My husband and I are struggling to deal with an awful situation we find ourselves in. My son met and fell in love with a lovely girl when in his early twenty's. For the following ten years she was a huge part of our family. We loved her as did our three other son's. There were a few occasions during those years that my son would say she was always arguing or having hysterics. Often he would tell us she didn't like seeing any of his (lifelong) friends. This often resulted in him cancelling weekend arrangements and bemoaning having to stay at home with just her. We never ever saw any of this behavior from her and just put it down to typical couple arguments and the fact that maybe she was just a lovely homely girl.

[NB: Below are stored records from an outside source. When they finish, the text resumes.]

(* (1) For every positive divisor $\delta$ of $\lambda(2)$, $\displaystyle\sum_{\substack{a\in U_2\\ \mathrm{ind}_2(a)=\delta}}a\equiv 1\pmod 2$. (2) For every positive divisor $\delta$ of $\lambda(4)$, $\displaystyle\sum_{\substack{a\in U_4\\ \mathrm{ind}_4(a)=\delta}}a\equiv (-1)^{\delta+1}\pmod 4$. (3) For every positive divisor $\delta$ of $\lambda(8)$, $\displaystyle\sum_{\substack{a\in U_8\\ \mathrm{ind}_8(a)=\delta}}a\equiv (-1)^{\delta+1}\pmod 8$. (4) Let $\alpha>3$ and $\delta=2^{\beta}$ with $1<\beta\le\alpha-2$. Then $\displaystyle\sum_{\substack{a\in U_{2^\alpha}\\ \mathrm{ind}_{2^\alpha}(a)=\delta}}a\equiv 0\pmod{2^\alpha}$. (5) Let $p$ be an odd prime, $\alpha$ a positive integer, and $\delta$ a positive divisor of $\lambda(p^\alpha)=\phi(p^\alpha)$. Then $$\sum_{\substack{a\in U_{p^\alpha}\\ \mathrm{ind}_{p^\alpha}(a)=\delta}}a\equiv \mu\big((\delta,p-1)\big)\,\phi\big(p^{\mathrm{ord}_p(\delta)}\big)\pmod{p^\alpha}.$$
   Context: $U_m$ denotes the set of invertible residue classes in $\mathbb{Z}/m\mathbb{Z}$ (sums run over one representative of each such class). For $a$ coprime to $m$, $\mathrm{ind}_m(a)$ is the multiplicative order of $a$ modulo $m$. $\lambda(m)$ is the Carmichael function: the smallest $k>0$ such that $a^k\equiv 1\pmod m$ for all $a\in U_m$. $\mu$ is the Möbius function, $\phi$ Euler's totient function, $(x,y)$ the greatest common divisor, and $\mathrm{ord}_p(n)=\max\{k: p^k\mid n\}$. *)

From mathcomp Require Import all_boot all_order all_algebra.
Set Implicit Arguments. Unset Strict Implicit. Unset Printing Implicit Defensive.

(* Multiplicative order of a modulo m: the least k > 0 with a^k = 1 (mod m).
   For coprime a and m >= 1 this order is <= phi(m) <= m, so searching
   k in 1..m finds it; for non-coprime a the value is irrelevant (m+1). *)
Definition ind (m a : nat) : nat :=
  (find (fun k => a ^ k.+1 == 1 %[mod m]) (iota 0 m)).+1.

(* Carmichael function: the least k > 0 with a^k = 1 (mod m) for every
   a in U_m (residues 0 <= a < m coprime to m).  Again lambda(m) <= m. *)
Definition carmichael (m : nat) : nat :=
  (find (fun k => [forall a : 'I_m, coprime a m ==> (a ^ k.+1 == 1 %[mod m])])
        (iota 0 m)).+1.

(* Moebius function on positive integers (mu 0 := 0 by convention). *)
Definition moebius (n : nat) : int :=
  if n == 0 then 0%R
  else if all (fun p => logn p n == 1) (primes n)
       then ((-1) ^+ size (primes n))%R else 0%R.

Definition sum_ind (m d : nat) : nat :=
  \sum_(a < m | coprime a m && (ind m a == d)) a.

From mathcomp Require Import all_boot all_order all_algebra all_fingroup all_solvable zify.
Set Implicit Arguments. Unset Strict Implicit. Unset Printing Implicit Defensive.
Import GRing.Theory FinRing.Theory.

(* If the set of units of order d is stable under a -> h a for a unit h such
   that h - 1 is also a unit, then its sum S satisfies h S = S, hence S = 0.
   When h has prime order q, this stability holds as soon as q^2 | d, and when
   q exactly divides d it holds for the union of the classes of orders d and d/q.
   For p odd, every prime q dividing gcd(d, p - 1) yields such an h modulo p^a
   (a lift of an element of order q modulo p), so induction on d reduces the
   sum to the case gcd(d, p - 1) = 1, i.e. d = p^k; there the units whose order
   divides p^j are exactly the residues 1 mod p^(a-j), with sum p^j, and the
   difference of two such sums is phi(p^k).  Modulo 2^a no such h exists, but
   the classes are stable under a -> -a and a -> (1 + 2^(a-1)) a: the first
   pairs a with 2^a - a, the second shows that the number of terms is even,
   so the sum is a multiple of 2^a.  The moduli 2, 4 and 8 are computed. *)

Lemma totient_leq n : totient n <= n.
Proof.
rewrite totient_count_coprime -[leqRHS]subn0 -[leqRHS]muln1 -sum_nat_const_nat.
by apply: leq_sum => i _; apply: leq_b1.
Qed.

Section LeastPeriod.
Variable P : pred nat.
Hypothesis P_mod : forall o k, 0 < o -> P o -> P k = P (k %% o).

Lemma least_period_dvdn i : 0 < i -> P i -> (forall j, 0 < j < i -> ~~ P j) ->
  forall k, P k = (i %| k).
Proof.
move=> i_gt0 Pi Pmin k; rewrite (P_mod k i_gt0 Pi) /dvdn.
have [->|r_gt0] := posnP (k %% i); first by rewrite -(modnn i) -P_mod.
by rewrite (negbTE (Pmin _ _)) ?r_gt0 ?ltn_pmod // eq_sym gtn_eqF.
Qed.

Lemma find_iota_dvdn m n : 0 < n <= m -> P n ->
  forall k, P k = ((find (fun k => P k.+1) (iota 0 m)).+1 %| k).
Proof.
move=> /andP[n_gt0 n_le_m] Pn.
have hasP : has (fun k => P k.+1) (iota 0 m).
  by apply/hasP; exists n.-1; rewrite ?mem_iota ?prednK //; lia.
have lt_find : find (fun k => P k.+1) (iota 0 m) < m.
  by rewrite -[m in _ < m](size_iota 0) -has_find.
apply: least_period_dvdn => //.
  by have := nth_find 0 hasP; rewrite nth_iota.
move=> [//|j] /= lt_j; have := before_find 0 lt_j.
by rewrite nth_iota ?add0n // => [->//|]; apply: ltn_trans lt_find.
Qed.

End LeastPeriod.

Lemma expn_modn_period m a o k : a ^ o = 1 %[mod m] -> a ^ k = a ^ (k %% o) %[mod m].
Proof.
move=> ao; rewrite {1}(divn_eq k o) expnD (mulnC (k %/ o)) expnM -modnMml -modnXm ao.
by rewrite modnXm exp1n modnMml mul1n.
Qed.

Lemma ind_gt0 m a : 0 < ind m a.
Proof. by []. Qed.

Lemma ind_dvdn m a k : 1 < m -> coprime a m -> (a ^ k == 1 %[mod m]) = (ind m a %| k).
Proof.
move=> m_gt1 co_am.
apply: (@find_iota_dvdn (fun k => a ^ k == 1 %[mod m]) _ m (totient m)).
- by move=> o j _ /eqP ao; rewrite (expn_modn_period j ao).
- by rewrite totient_gt0 totient_leq ltnW.
- by rewrite Euler_exp_totient.
Qed.

Lemma carmichael_dvdn_totient m : 1 < m -> carmichael m %| totient m.
Proof.
move=> m_gt1; pose P k := [forall a : 'I_m, coprime a m ==> (a ^ k == 1 %[mod m])].
have P_mod o k : 0 < o -> P o -> P k = P (k %% o).
  move=> _ /forallP Po; apply: eq_forallb => x.
  by have := Po x; case: (coprime x m) => //= /eqP xo; rewrite (expn_modn_period k xo).
have P_totient : P (totient m).
  by apply/forallP => x; apply/implyP => co_xm; rewrite Euler_exp_totient.
by rewrite /carmichael -(find_iota_dvdn P_mod _ P_totient) // totient_gt0 totient_leq ltnW.
Qed.

(** * Sums over residue sets stable under a unit *)

Lemma sum_predU (I : Type) (r : seq I) (P1 P2 : pred I) (F : I -> nat) :
  (forall i, ~~ (P1 i && P2 i)) ->
  \sum_(i <- r | P1 i || P2 i) F i = \sum_(i <- r | P1 i) F i + \sum_(i <- r | P2 i) F i.
Proof.
move=> disj; rewrite big_mkcond [in RHS]big_mkcond [X in _ = _ + X]big_mkcond -big_split /=.
by apply: eq_bigr => i _; have := disj i; case: (P1 i); case: (P2 i); rewrite ?addn0.
Qed.

Section InvariantSums.
Variables (m h : nat) (P : pred nat).
Hypotheses (m_gt0 : 0 < m) (co_hm : coprime h m).
Hypothesis P_mulmod : forall a, a < m -> P (h * a %% m) = P a.

Lemma mulmod_inj a b : a < m -> b < m -> h * a = h * b %[mod m] -> a = b.
Proof.
wlog le_ba : a b / b <= a => [sym am bm eq_ab|am bm].
  by case: (leqP b a) => [|/ltnW] le; [apply: sym | apply/esym/sym].
move/eqP; rewrite eqn_mod_dvd ?leq_mul2l ?le_ba ?orbT // -mulnBr.
rewrite Gauss_dvdr ?(coprime_sym m) // => /dvdn_leq; lia.
Qed.

Lemma sum_mulmod : \sum_(a < m | P a) a = \sum_(a < m | P a) (h * a %% m).
Proof.
pose f (a : 'I_m) : 'I_m := Ordinal (ltn_pmod (h * a) m_gt0).
have f_inj : injective f.
  by move=> a b /(congr1 val) /= eq_ab; apply/val_inj/(mulmod_inj (ltn_ord a) (ltn_ord b)).
by rewrite (reindex_inj f_inj) /=; apply: eq_bigl => a; rewrite P_mulmod.
Qed.

Lemma sum_mulmod_eq : \sum_(a < m | P a) a = h * \sum_(a < m | P a) a %[mod m].
Proof. by rewrite {1}sum_mulmod modn_summ big_distrr. Qed.

Lemma sum_mulmod_eq0 : coprime h.-1 m -> \sum_(a < m | P a) a = 0 %[mod m].
Proof.
move=> co_h1m; have [h0 | h_gt0] := posnP h.
  by move: co_hm; rewrite h0 /coprime gcd0n => /eqP->; rewrite !modn1.
have := sum_mulmod_eq; set S := \sum_(a < m | P a) a.
rewrite -{1}(prednK h_gt0) mulSn -{1}[S]addn0 => /eqP; rewrite eqn_modDl eq_sym.
by rewrite eqn_mod_dvd // subn0 Gauss_dvdr 1?coprime_sym // mod0n => /eqP.
Qed.

End InvariantSums.

Lemma dvdn_mul_prime_cases o d q : prime q -> 0 < o -> o %| d -> d %| o * q ->
  (o == d) || (o == d %/ q).
Proof.
move=> q_pr o_gt0 /dvdnP[k ->]; rewrite [k * o]mulnC dvdn_pmul2l //.
have [_ q_div] := primeP q_pr.
by case/q_div/orP => /eqP->; rewrite ?muln1 ?mulnK ?prime_gt0 ?eqxx ?orbT.
Qed.

Section PrimeOrderMultiplier.
Variables (m q : nat).
Hypotheses (m_gt1 : 1 < m) (q_pr : prime q).

Lemma coprime_mulmod h a : coprime h m -> coprime a m -> coprime (h * a %% m) m.
Proof. by move=> co_hm co_am; rewrite coprime_modl coprimeMl co_hm. Qed.

Lemma expn_mulmod_eq1 h a k : h ^ q = 1 %[mod m] -> q %| k ->
  ((h * a %% m) ^ k == 1 %[mod m]) = (a ^ k == 1 %[mod m]).
Proof.
move=> hq /dvdnP[c ->]; rewrite modnXm expnMn -modnMml (mulnC c) expnM.
by rewrite -modnXm hq modnXm exp1n modnMml mul1n.
Qed.

Variable h : nat.
Hypotheses (co_hm : coprime h m) (hq : h ^ q = 1 %[mod m]).

Lemma ind_mulmod_dvdn a k : coprime a m -> q %| k ->
  (ind m (h * a %% m) %| k) = (ind m a %| k).
Proof. by move=> co_am qk; rewrite -!ind_dvdn ?coprime_mulmod ?expn_mulmod_eq1. Qed.

Lemma ind_dvdn_ind_mulmod a : coprime a m -> ind m a %| ind m (h * a %% m) * q.
Proof.
move=> co_am; rewrite -ind_dvdn // -(expn_mulmod_eq1 _ hq) ?dvdn_mull //.
by rewrite ind_dvdn ?coprime_mulmod ?dvdn_mulr.
Qed.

Two years ago he rekindled a relationship with a girl that he had met during his teenage years. They were teenage 'sweethearts', but sadly for him she left him for someone else who she later married, then separated from. Our son told us he loved her and wanted to make a life with her. The obvious problem was leaving his girlfriend. Personally we were upset at possibly not having his girlfriend in our lives anymore. But we told him whatever his decision we would always support him. Then everything went wrong!

A friend of his girlfriend told her what was happening and quite obviously she was very upset. To cut a long story short my son decided to stay with his girlfriend. Three months later he told us that his girlfriend had decided to come of the pill without his knowledge and subsequently became pregnant. At this point they privately got engaged.

They also cut ties with all his friends. People he had known for years. Couples we had known and whose marriages we were invited to. Myself and my other son's were very forcibly told to delete them all from Facebook. We complied reluctantly but thought it was just a short term thing.

Everything seemed to have got well and truly back on track during her pregnancy, we were all happy together. My husband and I were ecstatic at becoming first time grand parents as were our three other sons at becoming uncles. And to top it all we were going to have a granddaughter and niece. We bought a cot, a car seat, baby clothes, you name it. We helped them out furnishing the nursery. All done happily and with love.

That was until the month before the birth. Our three sons were invited to a 30th birthday party with a close mutual friend. Unfortunately also at the party were going to be a few of the friends that had been deleted from our lives, ten or so months before. It was met with horror from my son and his fiance. Both told me to stop them going. Of course I couldn't as they were all late twenties and early thirties, they did as they pleased. My son's fiance told me I didn't do enough and we had all betrayed our son. After our granddaughter was eight weeks old she refused to bring her over and wouldn't allow us to visit them. Only I was allowed a few hours visit once a week. She was always lovely and seemingly happy to see me and I built a lovely relationship with my granddaughter for six months. But the problems were huge. My husband, a very laid back and kind man, never saw his granddaughter my sons never saw their niece. Although my husband still maintained a relatively good relationship with his son. Mainly as they both worked in the same profession.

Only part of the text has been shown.